» **ACTIVITY**: Copy out again, unchanged, the listing below from the line that has "have out_gt0 : 0" through the line that has "Local Notation b := (outTt p q).".
····················
Lemma gkl_ge0 (u v : R) : 0 <= u -> 0 <= v -> (0 < u -> 0 < v) ->
  0 <= gkl u v /\ (gkl u v = 0 -> u = v).
Proof.
rewrite /gkl le_eqVlt => + v0 uv; case/orP => [/eqP<-|u0].
  by rewrite !mul0r sub0r oppr0 add0r; split.
have v0' := uv u0.
have e : u * ln (u / v) - u + v = u * (v / u - 1 - ln (v / u)).
  by rewrite -lnV ?posrE ?divr_gt0// invf_div; field; rewrite gt_eqF.
have := ln_le_sub1 _ (divr_gt0 v0' u0); rewrite e => lnvu.
split; first by rewrite mulr_ge0//; lra.
move=> /eqP; rewrite mulf_eq0 gt_eqF//= subr_eq0 => /eqP/esym.
by move=> /(ln_eq_sub1 _ (divr_gt0 v0' u0)) /divr1_eq ->.
Qed.

Lemma maxr0_subN (x : R) : Num.max x 0 - Num.max (- x) 0 = x.
Proof. by rewrite !maxEle; case: (lerP x 0) => ?; case: (lerP (- x) 0) => ?; lra. Qed.

Lemma esumT_fin (T : finType) (g : T -> \bar R) : (forall z, 0 <= g z)%E ->
  (\esum_(z in [set: T]) g z = \sum_(z : T) g z)%E.
Proof.
move=> g0; rewrite esum_fset//; last exact: finite_finset.
rewrite (fsbigE (enum T)) ?enum_uniq//; last by move=> i _; rewrite mem_enum.
by under eq_bigl do rewrite in_setT; rewrite big_enum.
Qed.

Lemma esumZ_nat (A : set nat) (c : R) (f : nat -> R) : 0 <= c ->
  (forall t, 0 <= f t) ->
  (\esum_(t in A) (c * f t)%:E = c%:E * \esum_(t in A) (f t)%:E)%E.
Proof.
move=> c0 f0; rewrite esum_mkcond [X in (_ * X)%E]esum_mkcond.
rewrite -!nneseries_esumT; last 2 first.
- by move=> n; case: ifP => // _; rewrite lee_fin.
- by move=> n; case: ifP => // _; rewrite lee_fin mulr_ge0.
rewrite -nneseriesZl; last by move=> n _; case: ifP => // _; rewrite lee_fin.
by apply: eq_eseriesr => t _; case: ifP => _; rewrite ?EFinM ?mule0.
Qed.

Lemma esum_ge_at (I : choiceType) (f : I -> \bar R) i :
  (forall j, 0 <= f j)%E -> (f i <= \esum_(j in [set: I]) f j)%E.
Proof. by move=> f0; apply: esum_ge; exists [set i]; rewrite ?fsbig_set1. Qed.

Lemma esum_eq0P (I : choiceType) (f : I -> R) : (forall i, 0 <= f i) ->
  (\esum_(i in [set: I]) (f i)%:E)%E = 0%E -> forall i, f i = 0.
Proof.
move=> f0 f00 i; apply/eqP; rewrite eq_le f0 andbT.
have := esum_ge_at _ (fun j => (f j)%:E) i.
by rewrite f00 lee_fin; apply=> j; rewrite lee_fin.
Qed.

Lemma xsum_ge0 (I : choiceType) (f : I -> R) : (forall i, 0 <= f i) ->
  xsum (fun i => (f i)%:E) = (\esum_(i in [set: I]) (f i)%:E)%E.
Proof.
move=> f0; rewrite /xsum [X in (_ - X)%E]esum1 ?sube0 => [|i _].
  by apply: eq_esum => i _; rewrite -EFin_max max_l.
by rewrite -EFinN -EFin_max max_r // oppr_le0.
Qed.

Lemma xsum_fin (T : finType) (k : T -> R) :
  xsum (fun z => (k z)%:E) = (\sum_z k z)%:E.
Proof.
rewrite /xsum; under eq_esum do rewrite -EFin_max.
under [X in (_ - X)%E]eq_esum do rewrite -EFinN -EFin_max.
rewrite !esumT_fin => [|z|z]; rewrite ?lee_fin ?le_max ?lexx ?orbT//.
by rewrite !sumEFin -EFinB -sumrB; under eq_bigr do rewrite maxr0_subN.
Qed.

Lemma sube_of_adde_eq (x y u v : \bar R) : (0 <= x)%E -> (0 <= y)%E ->
  (x <= u)%E -> (y <= v)%E -> u \is a fin_num \/ v \is a fin_num ->
  (x + v = y + u -> x - y = u - v)%E.
Proof.
case: x y u v => [x||] [y||] [u||] [v||] //=; rewrite ?lee_fin => x0 y0 xu yv.
all: try by case.
all: try by move=> _ [] ->.
by move=> _ /eqP; rewrite -!EFinD eqe => /eqP e; congr EFin; lra.
Qed.

Lemma xsumB (I : choiceType) (g h : I -> R) :
  (forall i, 0 <= g i) -> (forall i, 0 <= h i) ->
  (\esum_(i in [set: I]) (g i)%:E)%E \is a fin_num \/
  (\esum_(i in [set: I]) (h i)%:E)%E \is a fin_num ->
  xsum (fun i => (g i - h i)%:E) =
  (\esum_(i in [set: I]) (g i)%:E - \esum_(i in [set: I]) (h i)%:E)%E.
Proof.
move=> g0 h0 fin_gh; rewrite /xsum.
under eq_esum do rewrite -EFin_max.
under [X in (_ - X)%E]eq_esum do rewrite -EFinN -EFin_max.
have max0 (x : R) : (0 <= (Num.max x 0)%:E)%E by rewrite lee_fin le_max lexx orbT.
apply: sube_of_adde_eq fin_gh _; rewrite ?esum_ge0//.
- by apply: le_esum => i _; rewrite lee_fin ge_max g0 gerBl h0.
- by apply: le_esum => i _; rewrite lee_fin ge_max h0 opprB gerBl g0.
rewrite -!esumD => [|i _|i _|i _|i _]; rewrite ?max0 ?lee_fin//.
by apply: eq_esum => i _; rewrite -!EFinD; congr EFin; have := maxr0_subN (g i - h i); lra.
Qed.
End GeneralFacts.

Section Channels.
Context {R : realType} {X Y : finType} (p : X * Y -> R).
Hypothesis p_ge0 : forall z, 0 <= p z.

Lemma channel_esum (s : X * Y -> nat -> R) z : channel s ->
  (\esum_(t in [set: nat]) (s z t)%:E)%E = 1%E.
Proof. by case=> s0 s1; rewrite -nneseries_esumT// => t; rewrite lee_fin. Qed.

Lemma esum_channel_mix {s : X * Y -> nat -> R} {d : X * Y -> R} :
  channel s -> (forall z, 0 <= d z) ->
  (\esum_(t in [set: nat]) (\sum_z d z * s z t)%:E)%E = (\sum_z d z)%:E.
Proof.
move=> s_ch d0; have [s0 _] := s_ch; under eq_esum do rewrite -sumEFin.
rewrite esum_sum => [|t z _ _]; last by rewrite lee_fin mulr_ge0.
by under eq_bigr do rewrite esumZ_nat// channel_esum// mule1; rewrite sumEFin.
Qed.

Lemma esum_channel_pair {s : X * Y -> nat -> R} {d : X * Y -> R} :
  channel s -> (forall z, 0 <= d z) ->
  (\esum_(v in [set: (X * Y) * nat]) (d v.1 * s v.1 v.2)%:E)%E =
  (\sum_z d z)%:E.
Proof.
move=> s_ch d0; have [s0 _] := s_ch.
have -> : [set: (X * Y) * nat] = [set: X * Y] `*`` (fun=> [set: nat]).
  by apply/seteqP; split.
rewrite -(esum_esum (a := fun z t => (d z * s z t)%:E)) => [|z t _ _];
  last by rewrite lee_fin mulr_ge0.
rewrite esumT_fin => [|z]; last by apply: esum_ge0 => t _; rewrite lee_fin mulr_ge0.
by under eq_bigr do rewrite esumZ_nat// channel_esum// mule1; rewrite sumEFin.
Qed.

Lemma outT_ge (s : X * Y -> nat -> R) z t : (forall z t, 0 <= s z t) ->
  p z * s z t <= outT p s t.
Proof.
move=> s0; rewrite /outT (bigD1 z)//= lerDl.
by apply: sumr_ge0 => i _; exact: mulr_ge0.
Qed.

Lemma MI_xsum (s : X * Y -> nat -> R) : (forall z t, 0 <= s z t) ->
  MI p s = xsum (fun v => (p v.1 * s v.1 v.2 * ln (s v.1 v.2 / outT p s v.2))%:E).
Proof.
move=> s0; congr xsum; apply: funext => -[z t]; rewrite /kl_term /=.
have [->|pzs0] := eqVneq (p z * s z t) 0; first by rewrite mul0r.
have pzs_gt0 : 0 < p z * s z t by rewrite lt_def pzs0 mulr_ge0.
have out_gt0 : 0 < outT p s t := lt_le_trans pzs_gt0 (outT_ge s z t s0).
have pz0 : p z != 0 by apply: contraNneq pzs0 => ->; rewrite mul0r.
rewrite mulf_eq0 (negbTE pz0) gt_eqF//=.
by congr ((_ * ln _)%:E); field; rewrite pz0 gt_eqF.
Qed.

End Channels.

Section Coarsening.
Context {R : realType} {X Y : finType} (p : X * Y -> R) (q : X * Y -> nat -> R).
Hypothesis p_ge0 : forall z, 0 <= p z.
Hypothesis p_sum1 : \sum_z p z = 1.
Hypothesis pX_gt0 : forall x, 0 < pX p x.
Hypothesis pY_gt0 : forall y, 0 < pY p y.
Hypothesis q_channel : channel q.

Let q_ge0 : forall z t, 0 <= q z t := q_channel.1.

Local Notation a := (outT p q).
Local Notation b := (outTt p q).
Local Notation w := (pXpY p).
Local Notation r := (Defs.ratio p).
Local Notation qp := (qprime p q).

Lemma pXpY_gt0 z : 0 < w z.
Proof. by rewrite /pXpY mulr_gt0. Qed.

Lemma outT_ge0 t : 0 <= a t.
Proof. by apply: sumr_ge0 => z _; rewrite mulr_ge0. Qed.

Lemma outT_gt0 {z t} : 0 < p z -> 0 < q z t -> 0 < a t.
Proof. by move=> pz qz; exact: lt_le_trans (mulr_gt0 pz qz) (outT_ge p p_ge0 q z t q_ge0). Qed.

Lemma outT_gt0P t : 0 < a t -> exists2 z, 0 < p z & 0 < q z t.
Proof.
rewrite lt_def outT_ge0 andbT /outT psumr_neq0; last by move=> z _; rewrite mulr_ge0.
case/hasP => z _ /=; rewrite lt_def mulf_eq0 negb_or => /andP[/andP[pz qz] _].
by exists z; rewrite lt_def ?pz ?qz ?p_ge0 ?q_ge0.
Qed.

Lemma outTt_gt0 t : 0 < a t -> 0 < b t.
Proof.
case/outT_gt0P => z _ qz_gt0.
have w_ge0 z' : 0 <= w z' by exact/ltW/pXpY_gt0.
suff : 0 < outT w q t by [].
apply: lt_le_trans (outT_ge w w_ge0 q z t q_ge0).
exact: mulr_gt0 (pXpY_gt0 z) qz_gt0.
Qed.

Lemma KL_pXpY : KL p w = (\sum_z p z * ln (r z))%:E.
Proof.
rewrite /KL -xsum_fin; congr xsum; apply: funext => z; rewrite /kl_term.
by have [->|_] := eqVneq (p z) 0; rewrite ?mul0r// gt_eqF ?pXpY_gt0.
Qed.

Lemma KL_outT : KL a b = xsum (fun t => (a t * ln (a t / b t))%:E).
Proof.
congr xsum; apply: funext => t; rewrite /kl_term.
have [->|a_neq0] := eqVneq (a t) 0; first by rewrite mul0r.
by rewrite gt_eqF// outTt_gt0// lt_def a_neq0 outT_ge0.
Qed.

(* Gap of the log-sum inequality at output [t]. *)
Definition deficit t := \sum_z gkl (p z * q z t) (a t / b t * (w z * q z t)).

Lemma gkl_deficit_ge0 z t :
  0 <= gkl (p z * q z t) (a t / b t * (w z * q z t)) /\
  (gkl (p z * q z t) (a t / b t * (w z * q z t)) = 0 ->
   p z * q z t = a t / b t * (w z * q z t)).
Proof.
have b_ge0 : 0 <= b t.
  by rewrite /outTt; apply: sumr_ge0 => z' _; rewrite mulr_ge0 ?q_ge0 ?ltW ?pXpY_gt0.
apply: gkl_ge0; first by rewrite mulr_ge0.
  exact: mulr_ge0 (divr_ge0 (outT_ge0 t) b_ge0) (mulr_ge0 (ltW (pXpY_gt0 z)) (q_ge0 z t)).
rewrite mulr_ge0_gt0// => /andP[pz qz].
have at_gt0 := outT_gt0 pz qz.
by rewrite !mulr_gt0 ?invr_gt0 ?outTt_gt0 ?pXpY_gt0.
Qed.

Lemma deficit_ge0 t : 0 <= deficit t.
Proof. by apply: sumr_ge0 => z _; case: (gkl_deficit_ge0 z t). Qed.

Lemma ratio_of_deficit0 t z : deficit t = 0 -> 0 < p z -> 0 < q z t ->
  r z = a t / b t.
Proof.
move=> /psumr_eq0P /(_ z isT) gkl0 pz qz.
have {gkl0}/(gkl_deficit_ge0 z t).2 : gkl (p z * q z t) (a t / b t * (w z * q z t)) = 0.
  by apply: gkl0 => z' _; case: (gkl_deficit_ge0 z' t).
rewrite mulrA => /(mulIf (lt0r_neq0 qz)) pz_eq.
by rewrite /Defs.ratio pz_eq mulfK ?lt0r_neq0 ?pXpY_gt0.
Qed.

Lemma gkl_deficitE z t : gkl (p z * q z t) (a t / b t * (w z * q z t)) =
  p z * ln (r z) * q z t - p z * q z t * ln (a t / b t) - p z * q z t +
  a t / b t * (w z * q z t).
Proof.
rewrite /gkl; congr (_ - _ + _).
have [pq0|pq_neq0] := eqVneq (p z * q z t) 0.
  by rewrite [p z * ln _ * _]mulrAC pq0 !mul0r subr0.
have /andP[pz qz] : (0 < p z) && (0 < q z t).
  by rewrite -mulr_ge0_gt0 // lt_def pq_neq0 mulr_ge0.
have at_gt0 := outT_gt0 pz qz.
have bt_gt0 := outTt_gt0 t at_gt0; have wz := pXpY_gt0 z.
have -> : p z * q z t / (a t / b t * (w z * q z t)) = r z / (a t / b t).
  by rewrite /Defs.ratio; field; rewrite !lt0r_neq0.
by rewrite ln_div ?posrE ?divr_gt0 //; ring.
Qed.

Lemma outT_ln_deficit t :
  a t * ln (a t / b t) = \sum_z p z * ln (r z) * q z t - deficit t.
Proof.
have scale_b : \sum_z a t / b t * (w z * q z t) = a t.
  rewrite -mulr_sumr -/(outTt p q t).
  have [->|a_neq0] := eqVneq (a t) 0; first by rewrite !mul0r.
  by rewrite divfK // lt0r_neq0 // outTt_gt0 // lt_def a_neq0 outT_ge0.
rewrite /deficit (eq_bigr _ (fun z _ => gkl_deficitE z t)) big_split /= !sumrB.
rewrite scale_b -mulr_suml -/(outT p q t); lra.
Qed.

Hypothesis KL_eq : KL a b = KL p w.

(* Summed over [t], [outT_ln_deficit] reads KL(a||b) = KL(p||w) - sum_t deficit t
   with KL(p||w) finite. *)
Lemma deficit_eq0 t : deficit t = 0.
Proof.
pose c z := p z * ln (r z).
have max0 (x : R) : 0 <= Num.max x 0 by rewrite le_max lexx orbT.
have sum_c : \sum_z c z = \sum_z Num.max (c z) 0 - \sum_z Num.max (- c z) 0.
  by rewrite -sumrB; apply: eq_bigr => z _; rewrite maxr0_subN.
move: KL_eq; rewrite KL_outT KL_pXpY -/(\sum_z c z) sum_c.
have -> : (fun t => (a t * ln (a t / b t))%:E) = fun t =>
    (\sum_z Num.max (c z) 0 * q z t -
     (\sum_z Num.max (- c z) 0 * q z t + deficit t))%:E.
  apply: funext => t'; rewrite outT_ln_deficit opprD addrA.
  by congr (EFin (_ - _)); rewrite -sumrB; apply: eq_bigr => z _; rewrite -mulrBl maxr0_subN.
have D_ge0 : (0 <= \esum_(t in [set: nat]) (deficit t)%:E)%E.
  by apply: esum_ge0 => t' _; rewrite lee_fin deficit_ge0.
rewrite xsumB; last 3 first.
- by move=> t'; apply: sumr_ge0 => z _; rewrite mulr_ge0 ?max0.
- move=> t'; rewrite addr_ge0 ?deficit_ge0 //.
  by apply: sumr_ge0 => z _; rewrite mulr_ge0 ?max0.
- by left; rewrite esum_channel_mix.
under [X in (_ - X)%E]eq_esum do rewrite EFinD.
rewrite esumD => [|t' _|t' _]; rewrite ?lee_fin ?deficit_ge0 ?sumr_ge0 //; last first.
  by move=> z _; rewrite mulr_ge0 ?max0.
rewrite !esum_channel_mix // => KL_eq'; apply: esum_eq0P deficit_ge0 _ t.
move: KL_eq' D_ge0; case: (\esum_(t in _) _)%E => [e||] //=.
by rewrite -EFinD => -[e0] _; congr EFin; lra.
Qed.

Lemma ratio_eq_of_outputs t z z' : 0 < p z -> 0 < p z' ->
  0 < q z t -> 0 < q z' t -> r z = r z'.
Proof.
by move=> pz pz' qz qz'; rewrite !(ratio_of_deficit0 _ _ (deficit_eq0 t)).
Qed.

Definition cl z := [set z' in supp p | r z' == r z].

Definition pmass (C : {set X * Y}) := \sum_(z in C) p z.

Local Notation pi z := (pmass (cl z)).

Lemma supp_gt0 {z} : z \in supp p -> 0 < p z.
Proof. by rewrite inE lt_def p_ge0 andbT. Qed.

Lemma notin_supp z : z \notin supp p -> p z = 0.
Proof. by rewrite inE negbK => /eqP. Qed.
····················
» **REPLY TO THE EXERCISE**:
have out_gt0 : 0 < outT p s t := lt_le_trans pzs_gt0 (outT_ge s z t s0).
have pz0 : p z != 0 by apply: contraNneq pzs0 => ->; rewrite mul0r.
rewrite mulf_eq0 (negbTE pz0) gt_eqF//=.
by congr ((_ * ln _)%:E); field; rewrite pz0 gt_eqF.
Qed.

End Channels.

Section Coarsening.
Context {R : realType} {X Y : finType} (p : X * Y -> R) (q : X * Y -> nat -> R).
Hypothesis p_ge0 : forall z, 0 <= p z.
Hypothesis p_sum1 : \sum_z p z = 1.
Hypothesis pX_gt0 : forall x, 0 < pX p x.
Hypothesis pY_gt0 : forall y, 0 < pY p y.
Hypothesis q_channel : channel q.

Let q_ge0 : forall z t, 0 <= q z t := q_channel.1.

Local Notation a := (outT p q).
Local Notation b := (outTt p q).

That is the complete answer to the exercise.